Simulate network partition using NetworkPolicy:

# Block leader from API server
kubectl apply -f - <<EOF
apiVersion: networking.k8s.io/v1
kind: NetworkPolicy
metadata:
  name: block-leader
  namespace: dns-system
spec:
  podSelector:
    matchLabels:
      statefulset.kubernetes.io/pod-name: $LEADER
  policyTypes:
  - Egress
  egress: []  # Block all egress
EOF

# Wait for lease expiration (~15 seconds)
sleep 20

# Verify new leader elected
kubectl get lease -n dns-system bindy-leader

# Cleanup
kubectl delete networkpolicy -n dns-system block-leader

Troubleshooting¶

No Leader Elected¶

Symptom: No operator instance becomes leader, resources not reconciling

Check:

# Verify lease exists
kubectl get lease -n dns-system bindy-leader

# Check operator logs
kubectl logs -n dns-system deployment/bindy --all-containers=true

# Verify RBAC permissions
kubectl auth can-i get leases \
  --namespace=dns-system \
  --as=system:serviceaccount:dns-system:bindy

Common causes: - Missing coordination.k8s.io/leases RBAC permissions - Network issues preventing API server access - ENABLE_LEADER_ELECTION=false set incorrectly

Fix:

# Ensure RBAC includes leases
kubectl apply -f deploy/rbac/role.yaml

# Restart operators
kubectl rollout restart deployment -n dns-system bindy

Multiple Leaders (Split Brain)¶

Symptom: Multiple operators reconciling simultaneously, conflicts in logs

This should NEVER happen with proper leader election.
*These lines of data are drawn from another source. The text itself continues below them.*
Lemma commutant_closed (T : A -> Prop) :
  (forall t, T t -> T (star t)) -> closed_star_subalg A (commutant T).
Proof.
  intro Hst. unfold closed_star_subalg, commutant. repeat split.
  - intros t _. rewrite mul1l, mul1r; reflexivity.
  - intros a b Ha Hb t Ht. rewrite mulDl, mulDr, (Ha t Ht), (Hb t Ht). reflexivity.
  - intros z a Ha t Ht. rewrite <- scal_mull, (Ha t Ht). apply scal_mulr.
  - intros a b Ha Hb t Ht. rewrite <- mulA, (Hb t Ht), mulA, (Ha t Ht), mulA. reflexivity.
  - intros a Ha t Ht.
    transitivity (star (mul (star t) a)); [rewrite starM, starK; reflexivity|].
    rewrite <- (Ha (star t) (Hst t Ht)), starM, starK. reflexivity.
  - intros u l Hu Hc t Ht. apply (limit_mul_comm u); auto.
Qed.

Lemma generated_incl (G : A -> Prop) a : G a -> generated A G a.
Proof. intros H S _ HG; auto. Qed.

Lemma generated_star (G : A -> Prop) a : generated A G a -> generated A G (star a).
Proof.
  intros H S HS HG. pose proof HS as (_ & _ & _ & _ & Hs & _). apply Hs, H; auto.
Qed.

Lemma generated_sub (G G' : A -> Prop) :
  (forall a, G a -> G' a) -> forall a, generated A G a -> generated A G' a.
Proof. intros H a Ha S HS HG. apply Ha; auto. Qed.

Lemma commutative_of_generated (G : A -> Prop) :
  commutative_set A (generated A G) -> commutative_set A G.
Proof. intros H a b Ha Hb. apply H; apply generated_incl; auto. Qed.

Lemma generated_commutative (G : A -> Prop) :
  (forall g, G g -> G (star g)) -> commutative_set A G -> commutative_set A (generated A G).
Proof.
  intros Hs Hc.
  assert (HG : forall a, generated A G a -> commutant G a).
  { intros a Ha. apply Ha; [apply commutant_closed; auto | intros g Hg t Ht; auto]. }
  intros a b Ha Hb. symmetry.
  refine (Hb _ (commutant_closed _ (generated_star G)) _ a Ha).
  intros g Hg c Hc'. symmetry. apply (HG c Hc' g Hg).
Qed.

Lemma sumA_mull n f (y : A) : mul (sumA A n f) y = sumA A n (fun i => mul (f i) y).
Proof. induction n; simpl; [apply mul0l | rewrite mulDl, IHn; reflexivity]. Qed.

Lemma sumA_mulr n f (y : A) : mul y (sumA A n f) = sumA A n (fun i => mul y (f i)).
Proof. induction n; simpl; [apply mul0r | rewrite mulDr, IHn; reflexivity]. Qed.

Lemma eq_sumA n (f f' : nat -> A) :
  (forall i, (i < n)%nat -> f i = f' i) -> sumA A n f = sumA A n f'.
Proof.
  induction n; intro H; simpl; [reflexivity|].
  rewrite IHn, H by auto. reflexivity.
Qed.
(* Let $c$ and $d$ be two primitive combinatorial closed curves that are not freely homotopic. Then the sequence of double points of a double path of $(c,d)$ contains no double point more than once. Moreover, every double path of $(c,d)$ has length less than $|c|+|d|-1$.
   Context: A combinatorial closed curve $c$ of length $|c|$ has vertices $c(i)$ and arcs $c[i,i+1]$, $i\in\mathbb{Z}/|c|\mathbb{Z}$. It is primitive if its free homotopy class is not a proper power of another class. A forward index path of length $\ell$ of $c$ is $(i,i+1,\dots,i+\ell)$ (indices mod $|c|$), with image path $(c[i,i+1],\dots,c[i+\ell-1,i+\ell])$. A double point of $(c,d)$ is a pair $(i,j)\in\mathbb{Z}/|c|\mathbb{Z}\times\mathbb{Z}/|d|\mathbb{Z}$ with $c(i)=d(j)$. A double path of $(c,d)$ of length $\ell$ is a pair of forward index paths $((i,\dots,i+\ell)_c,(j,\dots,j+\ell)_d)$ with identical image paths; its sequence of double points is $(i+k,j+k)$, $k=0,\dots,\ell$. *)

From mathcomp Require Import all_boot.
From Stdlib Require Import Relation_Operators.
Set Implicit Arguments. Unset Strict Implicit. Unset Printing Implicit Defensive.

Section Walks.
Variables (V D : Type) (dtail dhead : D -> V).

Fixpoint walkb (u : V) (s : seq D) : Prop :=
  match s with
  | [::] => True
  | a :: s' => dtail a = u /\ walkb (dhead a) s'
  end.

Definition walk_end (u : V) (s : seq D) : V := last u (map dhead s).

Definition closed_walk (u : V) (s : seq D) : Prop :=
  walkb u s /\ walk_end u s = u.

Definition face_ok (f : seq D) : Prop :=
  match f with
  | a :: _ => closed_walk (dtail a) f
  | [::] => False
  end.
End Walks.

(* A finite graph whose arcs are represented by pairs of opposite darts
   (drev: fixed-point free involution), together with the boundary walks of
   its faces; every dart occurs exactly once on the face boundaries. *)
Record comb_surface := CombSurface {
  vertex : finType;
  dart : finType;
  dtail : dart -> vertex;
  dhead : dart -> vertex;
  drev : dart -> dart;
  drevK : involutive drev;
  drev_neq : forall a, drev a != a;
  drev_tail : forall a, dtail (drev a) = dhead a;
  faces : seq (seq dart);
  faces_ok : forall f, f \in faces -> face_ok dtail dhead f;
  faces_partition : forall a, count_mem a (flatten faces) = 1%N
}.

Section Homotopy.
Variable S : comb_surface.

(* a (possibly empty) closed walk with its base vertex *)
Definition cwalk := (vertex S * seq (dart S))%type.
Definition is_cwalk (w : cwalk) : Prop := closed_walk (@dtail S) (@dhead S) w.1 w.2.

Inductive hstep : cwalk -> cwalk -> Prop :=
  (* change of base point along the curve *)
  | hs_rot (v : vertex S) (a : dart S) (s : seq (dart S)) :
      hstep (v, a :: s) (dhead a, rcons s a)
  | hs_spur (v : vertex S) (s1 s2 : seq (dart S)) (a : dart S) :
      hstep (v, s1 ++ s2) (v, s1 ++ a :: drev a :: s2)
  | hs_face (v : vertex S) (s1 s2 : seq (dart S)) (f : seq (dart S)) (k : nat) :
      f \in faces S -> hstep (v, s1 ++ s2) (v, s1 ++ rot k f ++ s2).

Definition hstep_ok (w1 w2 : cwalk) : Prop :=
  [/\ is_cwalk w1, is_cwalk w2 & hstep w1 w2].

Definition whomotopic (w1 w2 : cwalk) : Prop :=
  clos_refl_sym_trans cwalk hstep_ok w1 w2.

(* c(i) = dtail of the i-th dart, arc c[i,i+1] = i-th dart, indices mod |c| *)
Record curve := Curve {
  c0 : dart S;
  crest : seq (dart S);
  cclosed : face_ok (@dtail S) (@dhead S) (c0 :: crest)
}.

Definition cdarts (c : curve) : seq (dart S) := c0 c :: crest c.

Definition clen (c : curve) : nat := size (cdarts c).

Definition carc (c : curve) (i : nat) : dart S := nth (c0 c) (cdarts c) (i %% clen c).

Definition cvert (c : curve) (i : nat) : vertex S := dtail (carc c i).

Definition cwalk_of (c : curve) : cwalk := (cvert c 0, cdarts c).

Definition freely_homotopic (c d : curve) : Prop := whomotopic (cwalk_of c) (cwalk_of d).

Definition wpow (w : cwalk) (k : nat) : cwalk := (w.1, flatten (nseq k w.2)).

Definition primitive (c : curve) : Prop :=
  ~ exists (w : cwalk) (k : nat), [/\ is_cwalk w, (2 <= k)%N & whomotopic (cwalk_of c) (wpow w k)].

Definition double_path (c d : curve) (i j l : nat) : Prop :=
  [/\ (i < clen c)%N, (j < clen d)%N,
      (forall k, (k <= l)%N -> cvert c (i + k) = cvert d (j + k)) &
      (forall k, (k < l)%N -> carc c (i + k) = carc d (j + k))].

Definition dpoint (c d : curve) (i j k : nat) : nat * nat :=
  ((i + k) %% clen c, (j + k) %% clen d)%N.

End Homotopy.

From mathcomp Require Import all_boot zify.
From Stdlib Require Import Relation_Operators.
Set Implicit Arguments. Unset Strict Implicit.

(* The arcs read along a double path form a word with period |c| (from c) and
   period |d| (from d). If the path had length at least |c| + |d| - gcd(|c|,|d|),
   the Fine-Wilf theorem would give it period g = gcd(|c|,|d|); reading c and d
   from the start of the path then both become powers of the same closed walk of
   length g, so primitivity forces |c| = |d| = g, and c, d become rotations of one
   closed walk, hence freely homotopic. A double point repeated at steps k1 < k2 forces
   k2 - k1 to be a multiple of lcm(|c|,|d|) >= |c| + |d| - g, so it cannot occur on
   a shorter double path either. *)

Section FineWilf.
Variable T : Type.
Implicit Type f : nat -> T.

Definition periodic_on f (p L : nat) := forall x, x + p < L -> f x = f (x + p).

Lemma periodic_on_mod f p L : 0 < p -> periodic_on f p L ->
  forall x, x < L -> f x = f (x %% p).
Proof.
move=> p_gt0 fp x; elim/ltn_ind: x => x IH xL.
case: (ltnP x p) => [ltxp | lepx]; first by rewrite modn_small.
have def_x : x = (x - p) + p by rewrite subnK.
have -> : x %% p = (x - p) %% p by rewrite -(modnDr (x - p)) -def_x.
by rewrite {1}def_x -fp -?def_x //; apply: IH; lia.
Qed.

Theorem fine_wilf f p q L : 0 < p -> 0 < q ->
  periodic_on f p L -> periodic_on f q L -> p + q - gcdn p q <= L ->
  forall x, x < L -> f x = f (x %% gcdn p q).
Proof.
move En : (p + q) => n; elim/ltn_ind: n => n IH in f p q L En *.
move=> p_gt0 q_gt0 fp fq leL.
wlog lepq : p q En p_gt0 q_gt0 fp fq leL / p <= q.
  move=> W; case: (leqP p q) => [|/ltnW]; first exact: W.
  by rewrite gcdnC; apply: W; rewrite // 1?addnC // gcdnC.
move: lepq; rewrite leq_eqVlt => /orP[/eqP <- | ltpq].
  by rewrite gcdnn; apply: periodic_on_mod.
have gcd_sub : gcdn p (q - p) = gcdn p q by rewrite -{2}(subnK (ltnW ltpq)) gcdnDr.
have g_le_qp : gcdn p q <= q - p.
  by rewrite -gcd_sub dvdn_leq ?dvdn_gcdr ?subn_gt0.
have g_le_p : gcdn p q <= p by rewrite dvdn_leq ?dvdn_gcdl.
(* the prefix of length L - p has periods p and q - p *)
have short : forall y, y < L - p -> f y = f (y %% gcdn p q).
  rewrite -gcd_sub; apply: (IH q) => //; try lia.
  - by move=> x lt; apply: fp; lia.
  - move=> x lt; rewrite fq; last by lia.
    by rewrite -{1}(subnK (ltnW ltpq)) addnA -fp //; lia.
move=> x xL; rewrite (periodic_on_mod p_gt0 fp xL) short; last first.
  by have := ltn_pmod x p_gt0; lia.
by rewrite modn_dvdm ?dvdn_gcdl.
Qed.

End FineWilf.

Lemma sub_gcdn_leq_lcmn p q : 0 < p -> 0 < q -> p + q - gcdn p q <= lcmn p q.
Proof.
move=> p_gt0 q_gt0.
have g_gt0 : 0 < gcdn p q by rewrite gcdn_gt0 p_gt0.
have g_le_q : gcdn p q <= q by rewrite dvdn_leq ?dvdn_gcdr.
have [a def_p] : exists a, p = a * gcdn p q.
  by exists (p %/ gcdn p q); rewrite divnK ?dvdn_gcdl.
have -> : lcmn p q = a * q by rewrite /lcmn {1}def_p mulnAC mulnK.
have a_gt0 : 0 < a by move: p_gt0; rewrite def_p muln_gt0 => /andP[].
nia.
Qed.

Section MkseqFacts.
Variable T : Type.

Lemma mkseqD (f : nat -> T) m n :
  mkseq f (m + n) = mkseq f m ++ mkseq (fun k => f (m + k)) n.
Proof. by rewrite /mkseq iotaD map_cat add0n -{2}[m]addn0 iotaDl -map_comp. Qed.

Lemma mkseq_periodic (f : nat -> T) m a : (forall x, f (x + m) = f x) ->
  mkseq f (a * m) = flatten (nseq a (mkseq f m)).
Proof.
move=> fm; elim: a => [//|a IH].
rewrite mulSn mkseqD /= -IH; congr (_ ++ _); apply: eq_mkseq => k.
by rewrite addnC fm.
Qed.

End MkseqFacts.

Section Walks.
Variables (V D : Type) (dt dh : D -> V).

Lemma walkb_cat u s t : walkb dt dh u (s ++ t) <->
  walkb dt dh u s /\ walkb dt dh (walk_end dh u s) t.
Proof.
elim: s u => [|a s IH] u /=; first by tauto.
by have := IH (dh a); rewrite /walk_end /=; tauto.
Qed.

Lemma walkb_mkseq (F : nat -> D) n : (forall k, dh (F k) = dt (F k.+1)) ->
  walkb dt dh (dt (F 0)) (mkseq F n) /\ walk_end dh (dt (F 0)) (mkseq F n) = dt (F n).
Proof.
move=> Fadj; elim: n => [//|n [wF endF]].
rewrite mkseqS -cats1 walkb_cat /walk_end map_cat last_cat /= -Fadj.
by split; rewrite // endF.
Qed.

Lemma closed_walk_nth u s x k : closed_walk dt dh u s -> k < size s ->
  dh (nth x s k) = dt (nth x s (k.+1 %% size s)).
Proof.
case=> ws ends lt_k.
have [ltSk | eqSk] : k.+1 < size s \/ k.+1 = size s by lia.
  rewrite modn_small //.
  elim: s u k ws {ends lt_k} ltSk => [//|a s IH] u [|k] /= [_ ws] ltSk.
    by case: s ws {IH} ltSk => [//|b s] /= [->].
  exact: IH ws ltSk.
rewrite eqSk modnn; case: s ws ends eqSk {lt_k} => [//|a s] /= [<- _] ends [->].
by rewrite nth_last -ends /walk_end /= last_map.
Qed.

End Walks.

Section Curves.
Variable S : comb_surface.
Implicit Types c d : curve S.

Lemma clen_gt0 c : 0 < clen c.
Proof. by []. Qed.

Lemma carc_mod c n : carc c (n %% clen c) = carc c n.
Proof. by rewrite /carc modn_mod. Qed.

Lemma carcDmod c n x : carc c (n + x %% clen c) = carc c (n + x).
Proof. by rewrite -carc_mod modnDmr carc_mod. Qed.

Lemma carcD_clen c n : carc c (n + clen c) = carc c n.
Proof. by rewrite -carc_mod modnDr carc_mod. Qed.

Lemma dhead_carc c n : dhead (carc c n) = cvert c n.+1.
Proof.
rewrite /cvert /carc -addn1 -modnDml addn1.
exact: (closed_walk_nth _ (cclosed c) (ltn_pmod n (clen_gt0 c))).
Qed.

Lemma is_cwalk_carc c n m : cvert c (n + m) = cvert c n ->
  is_cwalk (cvert c n, mkseq (fun k => carc c (n + k)) m).
Proof.
move=> closed.
have adj k : dhead (carc c (n + k)) = dtail (carc c (n + k.+1)).
  by rewrite dhead_carc addnS.
have [w e] := walkb_mkseq m adj.
rewrite addn0 in w e.
by split; rewrite //= e.
Qed.

Definition cwalk_at c n : cwalk S := (cvert c n, mkseq (fun k => carc c (n + k)) (clen c)).

Lemma is_cwalk_at c n : is_cwalk (cwalk_at c n).
Proof. by apply: is_cwalk_carc; rewrite /cvert carcD_clen. Qed.

Lemma cwalk_at0 c : cwalk_at c 0 = cwalk_of c.
Proof.
rewrite /cwalk_at /cwalk_of; congr (_, _).
apply: (@eq_from_nth _ (c0 c)); rewrite size_mkseq // => k lt_k.
by rewrite nth_mkseq // /carc modn_small.
Qed.

Lemma cwalk_at_step c n : hstep_ok (cwalk_at c n) (cwalk_at c n.+1).
Proof.
split; try exact: is_cwalk_at.
rewrite /cwalk_at -[clen c]/(1 + size (crest c)) mkseqD add1n.
rewrite (mkseqS (fun k => carc c (n.+1 + k))) /=.
have -> : carc c (n.+1 + size (crest c)) = carc c (n + 0).
  by rewrite addn0 addSnnS carcD_clen.
have -> : mkseq (fun k => carc c (n + (1 + k))) (size (crest c)) =
          mkseq (fun k => carc c (n.+1 + k)) (size (crest c)).
  by apply: eq_mkseq => k; rewrite addnA addn1.
rewrite -dhead_carc -[n in dhead (carc c n)]addn0; exact: hs_rot.
Qed.

Lemma homotopic_cwalk_at c n : whomotopic (cwalk_of c) (cwalk_at c n).
Proof.
rewrite -cwalk_at0; elim: n => [|n IH]; first exact: rst_refl.
by apply: rst_trans IH _; apply: rst_step; apply: cwalk_at_step.
Qed.

Lemma primitive_period c n g : primitive c -> 0 < g -> g %| clen c ->
  (forall x, carc c (n + x) = carc c (n + x %% g)) -> clen c = g.
Proof.
move=> prim_c g_gt0 g_dvd per.
set F := fun x => carc c (n + x).
have Fg x : F (x + g) = F x by rewrite /F per modnDr -per.
set a := clen c %/ g.
have len_a : clen c = a * g by rewrite divnK.
have a_gt0 : 0 < a by move: (clen_gt0 c); rewrite len_a muln_gt0 => /andP[].
have [le_a1 | lt1a] := leqP a 1.
  by rewrite len_a (_ : a = 1) ?mul1n //; lia.
exfalso; apply: prim_c; exists (cvert c n, mkseq F g), a; split => //.
  by apply: is_cwalk_carc; have := Fg 0; rewrite /F add0n addn0 /cvert => ->.
have <- : cwalk_at c n = wpow (cvert c n, mkseq F g) a.
  by rewrite /cwalk_at /wpow {1}len_a mkseq_periodic.
exact: homotopic_cwalk_at.
Qed.

Lemma long_double_path_arcs c d i j l : double_path c d i j l ->
  clen c + clen d - gcdn (clen c) (clen d) <= l ->
  let g := gcdn (clen c) (clen d) in
  (forall x, carc c (i + x) = carc c (i + x %% g)) /\
  (forall x, carc d (j + x) = carc c (i + x)).
Proof.
move=> [_ _ _ same_arc] long g.
set p := clen c in long g *; set q := clen d in long g *.
have p_gt0 : 0 < p := clen_gt0 c.
have q_gt0 : 0 < q := clen_gt0 d.
have g_dvd_p : g %| p by apply: dvdn_gcdl.
have g_dvd_q : g %| q by apply: dvdn_gcdr.
have g_le_p : g <= p by apply: dvdn_leq.
have g_le_q : g <= q by apply: dvdn_leq.
set F := fun x => carc c (i + x).
set G := fun x => carc d (j + x).
have FG x : x < l -> F x = G x by apply: same_arc.
have Fmod x : F x = F (x %% p) by rewrite /F carcDmod.
have Gmod x : G x = G (x %% q) by rewrite /G carcDmod.
have F_g_on : forall x, x < l -> F x = F (x %% g).
  apply: fine_wilf => // x lt.
    by rewrite Fmod [RHS]Fmod modnDr.
  rewrite FG ?[F (x + q)]FG; try lia.
  by rewrite Gmod [RHS]Gmod modnDr.
have Fg x : F x = F (x %% g).
  rewrite Fmod F_g_on ?modn_dvdm //.
  by have := ltn_pmod x p_gt0; lia.
split=> // x; rewrite -/(F x) -/(G x) Gmod -FG; last first.
  by have := ltn_pmod x q_gt0; lia.
by rewrite Fg modn_dvdm // -Fg.
Qed.

Lemma long_double_path_homotopic c d i j l :
  primitive c -> primitive d -> double_path c d i j l ->
  clen c + clen d - gcdn (clen c) (clen d) <= l -> freely_homotopic c d.
Proof.
move=> prim_c prim_d dp long.
have [Fg GF] := long_double_path_arcs dp long.
set g := gcdn _ _ in Fg GF.
have g_gt0 : 0 < g by rewrite gcdn_gt0 clen_gt0.
have c_g : clen c = g by apply: (primitive_period (n := i)); rewrite ?dvdn_gcdl.
have d_g : clen d = g.
  apply: (primitive_period (n := j)); rewrite ?dvdn_gcdr // => x.
  by rewrite !GF -Fg.
apply: rst_trans (homotopic_cwalk_at c i) _.
have -> : cwalk_at c i = cwalk_at d j.
  case: dp => _ _ same_vert _.
  rewrite /cwalk_at c_g d_g; congr (_, _).
    by have := same_vert 0 (leq0n _); rewrite !addn0.
  by apply: eq_mkseq => x; rewrite GF.
by apply: rst_sym; apply: homotopic_cwalk_at.
Qed.

End Curves.

Lemma dpoint_repeat_lcmn (S : comb_surface) (c d : curve S) i j k1 k2 :
  k1 < k2 -> dpoint c d i j k1 = dpoint c d i j k2 ->
  lcmn (clen c) (clen d) <= k2 - k1.
Proof.
move=> lt12 [eq_c eq_d]; apply: dvdn_leq; first by rewrite subn_gt0.
rewrite dvdn_lcm -!eqn_mod_dvd ?(ltnW lt12) //.
by rewrite -(eqn_modDl i) eq_c eqxx -(eqn_modDl j) eq_d eqxx.
Qed.

Theorem lemma19 (S : comb_surface) (c d : curve S) :
  primitive c -> primitive d -> ~ freely_homotopic c d ->
  forall i j l : nat, double_path c d i j l ->
    (forall k1 k2 : nat, (k1 <= l)%N -> (k2 <= l)%N ->
        dpoint c d i j k1 = dpoint c d i j k2 -> k1 = k2)
    /\ (l < clen c + clen d - 1)%N.
Proof.
move=> prim_c prim_d not_hom i j l dp.
have short : l < clen c + clen d - gcdn (clen c) (clen d).
  rewrite ltnNge; apply/negP => long.
  exact: not_hom (long_double_path_homotopic prim_c prim_d dp long).
have lcm_big := sub_gcdn_leq_lcmn (clen_gt0 c) (clen_gt0 d).
have no_repeat k1 k2 : k1 < k2 -> k2 <= l ->
    dpoint c d i j k1 <> dpoint c d i j k2.
  by move=> lt12 le2 /(dpoint_repeat_lcmn lt12); lia.
have gcd_gt0 : 0 < gcdn (clen c) (clen d) by rewrite gcdn_gt0 clen_gt0.
split; last by lia.
move=> k1 k2 le1 le2 e.
have [lt12 | lt21 | //] := ltngtP k1 k2.
- by case: (no_repeat _ _ lt12 le2 e).
- by case: (no_repeat _ _ lt21 le1 (esym e)).
Qed.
If it does:

# Check if all operators use the same LEASE_NAME
kubectl get deployment -n dns-system bindy -o yaml | grep LEASE_NAME

# Delete and recreate lease to force re-election
kubectl delete lease -n dns-system bindy-leader

# Watch for single leader election
kubectl get lease -n dns-system bindy-leader -w

Verify:

# All operators should show the same lease holder
kubectl logs -n dns-system deployment/bindy --all-containers=true \
  | grep "holderIdentity"

Frequent Leadership Changes¶

Symptom: Leader changes every few minutes, instability

Check:

# Monitor lease renewals
kubectl get lease -n dns-system bindy-leader -w

# Check operator resource usage (may be OOMKilled)
kubectl top pods -n dns-system -l app=bindy

# Check operator logs for crashes
kubectl logs -n dns-system deployment/bindy --previous

Common causes: - Operator pods being OOMKilled (increase memory limits) - Network latency to API server - Node instability - Too aggressive LEASE_DURATION_SECONDS

Fix:

# Increase lease duration for unstable environments
kubectl set env deployment/bindy \
  -n dns-system \
  LEASE_DURATION_SECONDS=30 \
  LEASE_RENEW_DEADLINE_SECONDS=20

Leader Not Reconciling¶

Symptom: Leader elected but resources not reconciling

Check:

# Verify leader pod is running
LEADER=$(kubectl get lease -n dns-system bindy-leader \
  -o jsonpath='{.spec.holderIdentity}')
kubectl get pod -n dns-system $LEADER

# Check leader logs
kubectl logs -n dns-system $LEADER -f

# Look for operator startup messages
kubectl logs -n dns-system $LEADER | grep "Starting.*operator"

Common causes: - Leader pod stuck in initialization - Operator panic after acquiring leadership - Resource limits preventing reconciliation

Operator Disabled Leader Election¶

Symptom: ENABLE_LEADER_ELECTION=false but multiple replicas running

This will cause conflicts! Either:

Option 1: Enable leader election (recommended)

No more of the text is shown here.